RECORDS FOR THE EXERCISE:
Lemma ideal_spanD S f g : ideal_span S f -> ideal_span S g -> ideal_span S (f + g).
Proof.
move=> [s1 [c1 [S1 [size1 ->]]]] [s2 [c2 [S2 [size2 ->]]]].
exists (s1 ++ s2), (c1 ++ c2); split.
  by move=> x; rewrite mem_cat => /orP[/S1|/S2].
split; first by rewrite !size_cat size1 size2.
rewrite size_cat big_split_ord; congr (_ + _); apply: eq_bigr => i _.
  by rewrite /= !nth_cat size1 ltn_ord.
by rewrite /= !nth_cat size1 ltnNge leq_addr addKn.
Qed.

Lemma ideal_spanMl S r f : ideal_span S f -> ideal_span S (r * f).
Proof.
move=> [s [c [sS [size_c ->]]]]; exists s, (map (GRing.mul r) c).
do 2?split => //; first by rewrite size_map.
rewrite mulr_sumr; apply: eq_bigr => i _.
by rewrite (nth_map 0) ?size_c // mulrA.
Qed.

Lemma ideal_pow0 Q k : ideal_pow Q k 0.
Proof. by case: k => //= k; apply: ideal_span0. Qed.

Lemma ideal_powD Q k f g :
  ideal_pow Q k f -> ideal_pow Q k g -> ideal_pow Q k (f + g).
Proof. by case: k => //= k; apply: ideal_spanD. Qed.

Lemma ideal_powMl Q k r f : ideal_pow Q k f -> ideal_pow Q k (r * f).
Proof. by case: k => //= k; apply: ideal_spanMl. Qed.

Lemma ideal_pow_sum Q k (I : Type) (s : seq I) (P : pred I) (F : I -> R) :
  (forall i, P i -> ideal_pow Q k (F i)) -> ideal_pow Q k (\sum_(i <- s | P i) F i).
Proof. by move=> QF; elim/big_ind: _ => //; [apply: ideal_pow0|apply: ideal_powD]. Qed.

Lemma ideal_pow_prod Q N (xs : seq R) :
  (forall x, x \in xs -> Q x) -> (N <= size xs)%N ->
  ideal_pow Q N (\prod_(x <- xs) x).
Proof.
elim: N xs => [//|N IH] [//|x xs] Qxs /= le_N_xs; apply: ideal_span_gen.
exists (\prod_(y <- xs) y), x; do 2?split; last by rewrite big_cons mulrC.
  by apply: IH => // y xs_y; apply: Qxs; rewrite inE xs_y orbT.
by apply: Qxs; rewrite inE eqxx.
Qed.

Lemma ideal_pow_pow_prod Q p r (xs : seq R) :
  (forall x, x \in xs -> Q x) -> (p * r <= size xs)%N ->
  ideal_pow (ideal_pow Q p) r (\prod_(x <- xs) x).
Proof.
elim: r xs => [//|r IH] xs Qxs le_pr_xs /=; apply: ideal_span_gen.
exists (\prod_(x <- drop p xs) x), (\prod_(x <- take p xs) x); split.
  apply: IH => [x /mem_drop/Qxs //|]; rewrite size_drop; lia.
split; last by rewrite -{1}(cat_take_drop p xs) big_cat mulrC.
by apply: ideal_pow_prod => [x /mem_take/Qxs //|]; rewrite size_take; case: ltnP; lia.
Qed.

Lemma integral_over_ideal_of_pow Q f N :
  (0 < N)%N -> ideal_pow Q N (f ^+ N) -> integral_over_ideal Q f.
Proof.
move=> N_gt0 QfN; exists N, (fun i => if i == N then - f ^+ N else 0).
split=> //; split=> [i _|].
  by case: eqP => [->|_]; [rewrite -mulN1r; apply: ideal_powMl|apply: ideal_pow0].
rewrite big_nat_recr //= eqxx subnn mulr1 big1_seq ?add0r ?subrr // => i.
by rewrite mem_index_iota => /andP[_ /andP[_ lt_iN]]; rewrite ltn_eqF //= mul0r.
Qed.

End IdealPowers.

Section MonomialSupport.
Variables (n : nat) (R : comNzRingType).
Local Notation mon := 'X_{1..n}.
Implicit Types (A B : mon -> Prop) (m : mon) (f g : {mpoly R[n]}).

Definition supported_on A f := forall m, m \in msupp f -> A m.

Definition upward_closed A := forall m e, A m -> A (m + e)%MM.

Definition mset_add A B m := exists m1 m2, [/\ A m1, B m2 & m = (m1 + m2)%MM].

(* As for [ideal_pow], the 0-th power is everything rather than [{0}]. *)
Fixpoint mset_pow A k : mon -> Prop :=
  if k is k'.+1 then mset_add (mset_pow A k') A else fun=> True.

Lemma supported_on_mpolyX A m : supported_on A 'X_[m] <-> A m.
Proof.
rewrite /supported_on msuppX; split=> [|Am m']; first by apply; rewrite inE.
by rewrite inE => /eqP ->.
Qed.

Lemma supported_on_sub A B f :
  (forall m, A m -> B m) -> supported_on A f -> supported_on B f.
Proof. by move=> AB Af m /Af /AB. Qed.

Lemma supported_onM A B f g :
  supported_on A f -> supported_on B g -> supported_on (mset_add A B) (f * g).
Proof.
move=> Af Bg m /msuppM_le /allpairsP[[m1 m2] /= [/Af ? /Bg ? ->]].
by exists m1, m2.
Qed.

Lemma supported_on_ideal_span A S : upward_closed A ->
  (forall g, S g -> supported_on A g) ->
  forall f, ideal_span S f -> supported_on A f.
Proof.
move=> upA SA; apply: ideal_span_ind => //.
- by move=> m; rewrite msupp0.
- by move=> f g Af Ag m /msuppD_le; rewrite mem_cat => /orP[/Af|/Ag].
- move=> r f Af m /msuppM_le /allpairsP[[m1 m2] /= [_ /Af ? ->]].
  by rewrite addmC; apply: upA.
Qed.

Lemma upward_closed_mset_pow A k : upward_closed A -> upward_closed (mset_pow A k).
Proof.
case: k => [//|k] upA m e [m1 [m2 [? ? ->]]].
by exists m1, (m2 + e)%MM; split; [|apply: upA|rewrite addmA].
Qed.

Lemma supported_on_ideal_pow A Q : upward_closed A ->
  (forall g, Q g -> supported_on A g) ->
  forall k f, ideal_pow Q k f -> supported_on (mset_pow A k) f.
Proof.
move=> upA QA; elim=> [//|k IH] f.
apply: supported_on_ideal_span; first exact: upward_closed_mset_pow.
by move=> _ [g [h [/IH Ag [Qh ->]]]]; apply: supported_onM Ag (QA h Qh).
Qed.

Lemma mset_powP A k m : upward_closed A -> (0 < k)%N ->
  mset_pow A k m <-> exists c : 'I_k -> mon,
    (forall j, A (c j)) /\ m = (\sum_(j < k) c j)%MM.
Proof.
move=> upA; elim: k m => [//|k IH] m _; split.
  move=> [m1 [m2 [Am1 Am2 ->]]]; case: k IH Am1 => [|k] IH Am1.
    exists (fun=> (m1 + m2)%MM); rewrite big_ord1; split=> // _.
    by rewrite addmC; apply: upA.
  have [c [Ac ->]] := (IH m1 isT).1 Am1.
  exists (fun j : 'I_k.+2 => if (j < k.+1)%N then c (inord j) else m2); split.
    by move=> j; case: ifP.
  rewrite [RHS]big_ord_recr /= ltnn; congr (_ + _)%MM.
  by apply: eq_bigr => j _; rewrite ltn_ord inord_val.
move=> [c [Ac ->]]; rewrite big_ord_recr /=.
exists (\sum_(j < k) c (widen_ord (leqnSn k) j))%MM, (c ord_max); split=> //.
case: k IH c Ac => [//|k] IH c Ac; apply/IH => //.
by exists (fun j => c (widen_ord (leqnSn k.+1) j)).
Qed.

End MonomialSupport.

Section VanishingCoefficients.
Variable R : nzRingType.
Implicit Types P Q : {poly R}.

Definition vanishes_below P a := forall j, (j < a)%N -> P`_j = 0.

Lemma vanishes_belowM P Q a b : vanishes_below P a -> vanishes_below Q b ->
  vanishes_below (P * Q) (a + b).
Proof.
move=> Pa Qb j lt_j; rewrite coefM big1 // => i _.
have [lt_ia|le_ai] := ltnP i a; first by rewrite Pa ?mul0r.
by rewrite Qb ?mulr0 //; have := ltn_ord i; lia.
Qed.

Lemma coefM_vanishes_below P Q a b : vanishes_below P a -> vanishes_below Q b ->
  (P * Q)`_(a + b) = P`_a * Q`_b.
Proof.
move=> Pa Qb; rewrite coefM (bigD1 (Ordinal (leq_addr b a : (a < (a + b).+1)%N))) //=.
rewrite addKn big1 ?addr0 // => i /eqP ne_ia.
have [lt_ia|le_ai] := ltnP i a; first by rewrite Pa ?mul0r.
have lt_ai : (a < i)%N.
  by rewrite ltn_neqAle le_ai andbT; apply/eqP => eq_ai; apply/ne_ia/val_inj.
by rewrite Qb ?mulr0 //; have := ltn_ord i; lia.
Qed.

Lemma vanishes_belowX P a k : vanishes_below P a -> vanishes_below (P ^+ k) (k * a).
Proof.
move=> Pa; elim: k => [|k IH] j; first by rewrite mul0n.
by rewrite exprS mulSn; apply: vanishes_belowM.
Qed.

Lemma coefX_vanishes_below P a k : vanishes_below P a -> (P ^+ k)`_(k * a) = P`_a ^+ k.
Proof.
move=> Pa; elim: k => [|k IH]; first by rewrite mul0n coef1.
by rewrite exprS mulSn coefM_vanishes_below ?IH ?exprS //; apply: vanishes_belowX.
Qed.

Lemma coef_integral_equation P (A : nat -> {poly R}) M v a : (v < a)%N ->
  vanishes_below P v -> (forall i, (1 <= i <= M)%N -> vanishes_below (A i) (i * a)) ->
  (P ^+ M + \sum_(1 <= i < M.+1) A i * P ^+ (M - i))`_(M * v) = P`_v ^+ M.
Proof.
move=> lt_va Pv Aa; rewrite coefD coef_sum coefX_vanishes_below // big1_seq ?addr0 //.
move=> i /andP[_]; rewrite mem_index_iota ltnS => /andP[i_gt0 le_iM].
have range_i : (1 <= i <= M)%N by rewrite i_gt0.
rewrite (vanishes_belowM (Aa i range_i) (vanishes_belowX (k := M - i) Pv)) //.
rewrite -[in X in (X < _)%N](subnKC le_iM) mulnDl ltn_add2r.
by rewrite ltn_pmul2l.
Qed.

End VanishingCoefficients.

Section WeightedDegree.
Variables (n : nat) (R : idomainType) (d : 'I_n -> nat).
Local Notation mon := 'X_{1..n}.
Implicit Types (m : mon) (f : {mpoly R[n]}).

Definition wdeg m := (\sum_(i < n) m i * d i)%N.

Definition wdeg_ge a m := (a <= wdeg m)%N.

Lemma wdegD m1 m2 : wdeg (m1 + m2)%MM = (wdeg m1 + wdeg m2)%N.
Proof. by rewrite /wdeg -big_split; apply: eq_bigr => i _; rewrite mnmDE mulnDl. Qed.

Lemma upward_closed_wdeg_ge a : upward_closed (wdeg_ge a).
Proof. by move=> m e le_am; rewrite /wdeg_ge wdegD (leq_trans le_am) ?leq_addr. Qed.

Lemma mset_pow_wdeg_ge a k m : mset_pow (wdeg_ge a) k m -> wdeg_ge (k * a) m.
Proof.
elim: k m => [//|k IH] m [m1 [m2 [/IH ? ? ->]]].
by rewrite /wdeg_ge wdegD mulSnr leq_add.
Qed.

Definition wgrade : {mpoly R[n]} -> {poly {mpoly R[n]}} :=
  mmap (polyC \o @mpolyC n R) (fun i => ('X_i)%:P * 'X^(d i)).

HB.instance Definition _ := GRing.RMorphism.on wgrade.

Lemma coef_wgrade f j :
  (wgrade f)`_j = \sum_(m <- msupp f) (f@_m *: 'X_[m]) * (j == wdeg m)%:R.
Proof.
rewrite /wgrade /mmap coef_sum; apply: eq_bigr => m _ /=.
rewrite /mmap1; under eq_bigr => i _ do rewrite exprMn -rmorphXn -exprM.
rewrite big_split /= -rmorph_prod -mpolyXE_id prodrXr mulrA -rmorphM coefCM coefXn.
by rewrite mul_mpolyC /wdeg; under eq_bigr => i _ do rewrite mulnC.
Qed.

Lemma mcoeff_coef_wgrade f m : ((wgrade f)`_(wdeg m))@_m = f@_m.
Proof.
rewrite coef_wgrade [in RHS](mpolyE f) !raddf_sum; apply: eq_bigr => m' _ /=.
have [->|ne_m'm] := eqVneq m' m; first by rewrite eqxx mulr1.
rewrite mcoeffZ mcoeffX (negbTE ne_m'm) mulr0.
case: (_ == _); rewrite ?mulr0 ?mcoeff0 // mulr1.
by rewrite mcoeffZ mcoeffX (negbTE ne_m'm) mulr0.
Qed.

Lemma wgrade_vanishes_below a f :
  supported_on (wdeg_ge a) f -> vanishes_below (wgrade f) a.
Proof.
move=> fa j lt_ja; rewrite coef_wgrade big1_seq // => m /andP[_ /fa le_am].
by rewrite ltn_eqF ?mulr0 // (leq_trans lt_ja le_am).
Qed.

Lemma integral_supported_wdeg_ge (Q : {mpoly R[n]} -> Prop) a f :
  (forall g, Q g -> supported_on (wdeg_ge a) g) ->
  integral_over_ideal Q f -> supported_on (wdeg_ge a) f.
Proof.
move=> Qa [M [c [_ [Qc eq_f]]]].
have [/allP //|/allPn[m0 f_m0 m0_low]] := boolP (all (wdeg_ge a) (msupp f)).
have coef_m0 : (wgrade f)`_(wdeg m0) != 0.
  apply: contraTneq f_m0 => eq0.
  by rewrite mcoeff_msupp -mcoeff_coef_wgrade eq0 mcoeff0 eqxx.
have [v fv min_v] := ex_minnP (ex_intro (fun j => (wgrade f)`_j != 0) _ coef_m0).
have lt_va : (v < a)%N by apply: leq_ltn_trans (min_v _ coef_m0) _; rewrite ltnNge.
have low_f : vanishes_below (wgrade f) v.
  by move=> j lt_jv; apply/eqP; apply: contraTT lt_jv => /min_v; rewrite -leqNgt.
have low_c i : (1 <= i <= M)%N -> vanishes_below (wgrade (c i)) (i * a).
  move=> range_i; apply: wgrade_vanishes_below.
  have := supported_on_ideal_pow (@upward_closed_wdeg_ge a) Qa (Qc i range_i).
  exact: supported_on_sub (@mset_pow_wdeg_ge a i).
move/(congr1 (fun g => (wgrade g)`_(M * v))): eq_f.
rewrite rmorph0 coef0 rmorphD rmorphXn rmorph_sum.
under eq_bigr => i _ do rewrite rmorphM rmorphXn.
by rewrite (coef_integral_equation lt_va) // => /eqP; rewrite expf_eq0 (negbTE fv) andbF.
Qed.

End WeightedDegree.

Section LambdaWeight.
Variables (n : nat) (lam : 'I_n -> nat).
Local Notation mon := 'X_{1..n}.
Implicit Types m : mon.

Definition cofactor i := (\prod_(j < n | j != i) lam j)%N.

Definition lamprod := (\prod_(i < n) lam i)%N.

Definition wt m : rat := \sum_(i < n) (m i)%:R / (lam i)%:R.

Definition wt_ge (k : nat) m := k%:R <= wt m.

Lemma wtD m1 m2 : wt (m1 + m2)%MM = wt m1 + wt m2.
Proof. by rewrite /wt -big_split; apply: eq_bigr => i _; rewrite mnmDE natrD mulrDl. Qed.

Lemma wt_sum k (c : 'I_k -> mon) : wt (\sum_(j < k) c j)%MM = \sum_(j < k) wt (c j).
Proof.
apply: (big_morph wt wtD).
by rewrite /wt big1 // => i _; rewrite mnm0E mul0r.
Qed.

WORK ORDER: Please copy every line from the entries that includes the word "else".

EXERCISE RESULT:
move=> N_gt0 QfN; exists N, (fun i => if i == N then - f ^+ N else 0).
  if k is k'.+1 then mset_add (mset_pow A k') A else fun=> True.
  exists (fun j : 'I_k.+2 => if (j < k.+1)%N then c (inord j) else m2); split.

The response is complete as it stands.